In addition to knowledge empowerment, The Coca-Cola Foundation had also been offering business grants to those who distinguish themselves during the training. The grants come in three categories of gold, silver and bronze.

“We are pleased to equip Nigerian women and youths with entrepreneurial skills and startup or booster grants to those who distinguished themselves during the training in the hope that they will impact their individual lives, immediate families, business associates and the community,” Onyemelukwe added.

Ekuma Eze, Director Corporate Affairs and Sustainability Nigerian Bottling Company  (NBC), pointed out that the initiative is for empowering youths and women as part of efforts to help these important segments fulfil their potentials and impact on the society more positively.

Funmi Johnson, Chief Executive, Whitefield Foundation, expressed delight at partnering with The Coca-Cola Foundation on this initiative, which she described as a unique opportunity of transforming lives with both the training and business grants.

She commended the quality of the training and the transparency of the process of selecting the grant winners, and encouraged them to “take advantage of today’s ceremony to network and sign-up mentorships which would aid the sustenance of the program”.

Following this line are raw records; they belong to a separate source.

(* Let $\mathfrak{P}=(\rho_{t_0},\mathcal{E}_{t_1\leftarrow t_0},\dots,\mathcal{E}_{t_n\leftarrow t_{n-1}})$ be a multi-time quantum process with $\mathcal{H}_{t_k}=\mathbb{C}^d$, and let $\overrightarrow{\Upsilon}_{t_k\cdots t_0}$ denote the right KD temporal state of the process truncated at time $t_k$. Then $\overrightarrow{\Upsilon}_{t_0}=\rho_{t_0}$ and, for $k=1,\dots,n$, $$\overrightarrow{\Upsilon}_{t_k\cdots t_0}=J[\mathcal{E}_{t_k\leftarrow t_{k-1}}]\star\overrightarrow{\Upsilon}_{t_{k-1}\cdots t_0};$$ that is, $\overrightarrow{\Upsilon}_{t_n\cdots t_0}=J[\mathcal{E}_{t_n\leftarrow t_{n-1}}]\star(\cdots\star(J[\mathcal{E}_{t_1\leftarrow t_0}]\star\rho_{t_0})\cdots)$.
   Context: A multi-time quantum process consists of a density operator $\rho_{t_0}$ on $\mathbb{C}^d$ and CPTP maps $\mathcal{E}_{t_j\leftarrow t_{j-1}}$ on $\mathbf{B}(\mathbb{C}^d)$, extended linearly to all operators. For complete families of orthogonal projectors at each time, the right temporal KD distribution is $\overrightarrow{Q}_{\rm KD}(b_n,\dots,b_0)=\operatorname{Tr}[\mathcal{E}_{t_n\leftarrow t_{n-1}}(\cdots\mathcal{E}_{t_1\leftarrow t_0}(\rho_{t_0}\Pi^{t_0}_{b_0})\Pi^{t_1}_{b_1}\cdots)\Pi^{t_n}_{b_n}]$. Let $\sigma_0=\mathbb{I},\sigma_1,\dots,\sigma_{d^2-1}$ be Hermitian operators on $\mathbb{C}^d$ with $\operatorname{Tr}\sigma_j=0$ ($j\ge1$) and $\operatorname{Tr}(\sigma_\mu\sigma_\nu)=d\,\delta_{\mu\nu}$; measuring each $\sigma_\mu$ via its spectral projectors with eigenvalue outcomes, set $\overrightarrow{T}^{\mu_n,\dots,\mu_0}=\sum a_n\cdots a_0\,\overrightarrow{Q}_{\rm KD}(a_n,\dots,a_0\mid\sigma_{\mu_n},\dots,\sigma_{\mu_0})$ and define the right KD temporal state $\overrightarrow{\Upsilon}_{t_n\cdots t_0}=d^{-(n+1)}\sum_\mu\overrightarrow{T}^{\mu_n,\dots,\mu_0}\sigma_{\mu_n}\otimes\cdots\otimes\sigma_{\mu_0}$ on $\mathcal{H}_{t_n}\otimes\cdots\otimes\mathcal{H}_{t_0}$. For $M\in\mathbf{B}(\mathcal{H}_B\otimes\mathcal{H}_A)$ and $N\in\mathbf{B}(\mathcal{H}_C\otimes\mathcal{H}_B)$, $N\star M:=(N_{CB}\otimes\mathbb{I}_A)(\mathbb{I}_C\otimes M_{BA})$ (with $\mathcal{H}_A$ possibly trivial, so $N\star\rho=N(\mathbb{I}_C\otimes\rho)$ for $\rho\in\mathbf{B}(\mathcal{H}_B)$). The Jamiołkowski operator of a channel $\mathcal{E}:\mathbf{B}(\mathcal{H}_{t_{i-1}})\to\mathbf{B}(\mathcal{H}_{t_i})$ is $J[\mathcal{E}]=\sum_{k,l}\mathcal{E}(|k\rangle\langle l|)\otimes|l\rangle\langle k|\in\mathbf{B}(\mathcal{H}_{t_i}\otimes\mathcal{H}_{t_{i-1}})$. *)

From HB Require Import structures.
From mathcomp Require Import all_boot all_order all_algebra.
From mathcomp Require Import mxtens.
Set Implicit Arguments. Unset Strict Implicit. Unset Printing Implicit Defensive.
Import Order.TTheory GRing.Theory Num.Theory.
Local Open Scope ring_scope.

“With the backing of The Coca-Cola Foundation, we will keep deepening this initiative across the 36 states and the Federal Capital Territory (FCT) to empower youths and women with money making skills with the conviction that empowering these sensitive segments would have a multiplier effect on alleviating poverty levels of the larger society,” Johnson added.

She commended the zeal demonstrated by the Kano citizens, which saw over 18,000 people participate with 9,800 of them making it to the second stage of the program, out of which 2,212 were lucky to merit the grants.

“The enthusiasm shown by people in Kano towards the ‘Equip 60,000’ has been tremendous. At both virtual and physical training sessions, the willingness of the participants has been heartwarming. At a point, we had participants from all the 44 local governments in Kano State, which is unprecedented,” she noted.

She enjoined the beneficiaries to strive to make the most of the opportunities and commended the support of the district heads of the various communities in making the initiative very successful in Kano.

The huge acceptance of the program has seen it reach 74,204 people, 1,000 of whom had already been awarded grants by the sponsors.

The empowerment training is structured in four levels including, employability and entrepreneurship skills, practical money making vocational skills in areas like web design, graphics design, snacks, cocktails, cocktails, make up, event planning and decoration; and domestic household essentials like hand sanitizers, multipurpose soaps; and agribusiness value chain.

Other dignitaries who graced the occasion include, Dr. Zahara’u Umar, Hon Commissioner of Women Affairs and Social Development, Kano State, and Alh. Kabiru Sa’idu Magami Permanent Secretary Ministry of Youths and Sports Development.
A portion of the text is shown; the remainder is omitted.